Brian Johns, of the Virginia Organizing Project, said similar demonstrations are being staged around the states to encourage legislators to regulate the payday lending industry.


Annual percentage rates posted at the Advance America Cash Advance store in the shopping center were listed as 391.07 percent for a 14-day loan term and 782.14 percent for a seven-day loan term.


For example, the store charges $15 to borrow $100 for two weeks.


The clerk in the store referred all questions to his company’s corporate office in Spartanburg, S.C.


Company spokesman Jamie Fulmer said customers aren’t so concerned about the annual percentage rate because with short-term loans, they don’t expect to be paying interest for a year.


"This is the first I’ve heard of it, so I don’t have any comments," Fulmer said of the statewide demonstrations. "I think our customers take affront to the fact that those who are protesting don’t think they are smart enough to make their own decisions."


Fulmer said the average payday loan borrower makes $41,000 per year, and 90 percent of borrowers have high school diplomas. He said half have college experience and own homes.
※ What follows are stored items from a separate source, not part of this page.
Lemma zero_sum_mod_prime_square q s k : prime q -> 2 < q ->
    1 < count (fun x => ~~ (q %| x)) s ->
  exists c : nat -> nat, [/\ forall i, ~~ (q %| c i), q %| wsum c s & legendre q (c k) = 1%R].
Proof.
move=> q_pr q_gt2 /(zero_sum_mod_prime q_pr q_gt2) [c [c_unit c_sum]].
exists (fun i => c i * c k); split=> [i | | ].
- by rewrite Euclid_dvdM // negb_or !c_unit.
- by rewrite /wsum; under eq_bigr do rewrite mulnAC; rewrite -big_distrl dvdn_mulr.
- exact: legendre_square.
Qed.

Lemma onto_inj (T : finType) (f : T -> T) : (forall y, y \in codom f) -> injective f.
Proof.
move=> f_onto; have /image_injP f_inj : #|image f T| == #|T|.
  by rewrite eqn_leq leq_image_card; apply/subset_leq_card/subsetP => y _; apply: f_onto.
by move=> x y; apply: f_inj.
Qed.

(* Junk value 0 when there is no nonresidue, i.e. unless q is an odd prime. *)
Definition nonresidue (q : nat) : nat :=
  if [pick y : 'I_q | legendre q y == (-1)%R] is Some y then y else 0.

Lemma legendre_nonresidue q : prime q -> 2 < q -> legendre q (nonresidue q) = (-1)%R.
Proof.
move=> q_pr q_gt2; rewrite /nonresidue; case: pickP => [y /eqP // | no_nonres].
(* Otherwise squaring is onto, hence injective, on 'I_q; but 1 and q - 1 have the same square. *)
have q_gt0 := prime_gt0 q_pr.
pose sq (x : 'I_q) : 'I_q := Ordinal (ltn_pmod (x * x) q_gt0).
have sq_onto y : y \in codom sq.
  apply/codomP; have [y0 | y_gt0] := posnP y.
    by exists y; apply: val_inj; rewrite /= y0 mod0n.
  move: (no_nonres y); rewrite /legendre (gtnNdvd y_gt0 (ltn_ord y)) /=.
  case: ifP => // /existsP [x /eqP sq_x] _.
  by exists x; apply: val_inj; rewrite /= sq_x modn_small.
have q1 : 1 < q by apply: prime_gt1.
have qm1 : q.-1 < q by rewrite prednK.
have sq_1 : sq (Ordinal q1) = sq (Ordinal qm1).
  have sqr_qm1 : q.-1 * q.-1 = q.-2 * q + 1 by nia.
  by apply: val_inj; rewrite /= sqr_qm1 modnMDl.
by move: (congr1 val (onto_inj sq_onto sq_1)) => /=; lia.
Qed.

Fixpoint crt (ps : seq nat) (r : nat -> nat) : nat :=
  if ps is p :: ps' then chinese p (\prod_(q <- ps') q) (r p) (crt ps' r) else 0.

Lemma crt_mod ps r q : all prime ps -> uniq ps -> q \in ps -> crt ps r = r q %[mod q].
Proof.
elim: ps => //= p ps IH /andP [p_pr ps_pr] /andP [p_notin ps_uniq].
have p_coprime : coprime p (\prod_(q <- ps) q).
  rewrite prime_coprime // Euclid_dvd_prod // big_has; apply/hasPn => q' q'_in.
  rewrite dvdn_prime2 //; last exact: (allP ps_pr).
  by apply: contraNneq p_notin => ->.
rewrite in_cons => /predU1P [-> | q_in]; first exact: chinese_modl.
have q_dvd : q %| \prod_(q <- ps) q by rewrite (bigD1_seq q) //= dvdn_mulr.
by rewrite -(modn_dvdm _ q_dvd) chinese_modr // modn_dvdm // IH.
Qed.

Lemma crt_primes_mod n r q : q \in primes n -> crt (primes n) r %% n = r q %[mod q].
Proof.
move=> q_in; have q_dvd : q %| n by move: q_in; rewrite mem_primes => /and3P [].
rewrite modn_dvdm // crt_mod ?primes_uniq //.
by apply/allP => p; rewrite mem_primes => /andP [].
Qed.

Lemma squarefree_gt0 n : squarefree n -> 0 < n.
Proof. by case: n => // /(_ 2 isT). Qed.

Lemma logn_squarefree n q : squarefree n -> q \in primes n -> logn q n = 1.
Proof.
move=> n_sqf q_in; move: (q_in); rewrite mem_primes => /and3P [q_pr n_gt0 _].
apply/eqP; rewrite eqn_leq logn_gt0 q_in andbT leqNgt.
by rewrite -(pfactor_dvdn 2 q_pr n_gt0) -mulnn (negbTE (n_sqf q q_pr)).
Qed.

Lemma squarefree_dvdn n m : squarefree n -> {in primes n, forall q, q %| m} -> n %| m.
Proof.
move=> n_sqf dvd_m; apply/(dvdn_partP _ (squarefree_gt0 n_sqf)) => q q_in.
by rewrite p_part logn_squarefree // expn1 dvd_m.
Qed.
The demonstrators favor passage of a state law that would cap the annual percentage rate for payday lenders at 36 percent, limiting borrowers to one loan at a time, limiting the number of loans to five in a 12-month period and extending loan terms to two pay cycles.


Johns says the bill is a compromise between reformers who want strict regulations on the lending industry and people who don’t see the need for major reforms.


He said the 2002 law allowing payday lenders to operate in Virginia "basically undid almost 300 years worth of usury laws."


Dozens of localities in Virginia – including Bristol, Abingdon, Washington County, Scott County, Lee County, Duffield and St. Paul – have approved resolutions asking the General Assembly to cap the interest rates that can be charged by payday lenders.


Fulmer said consumers should have the opportunity to choose short-term loans over bank fees. He said a 36 percent annual interest cap would limit charges to $1.38 for a two-week loan – "an effective ban of the product."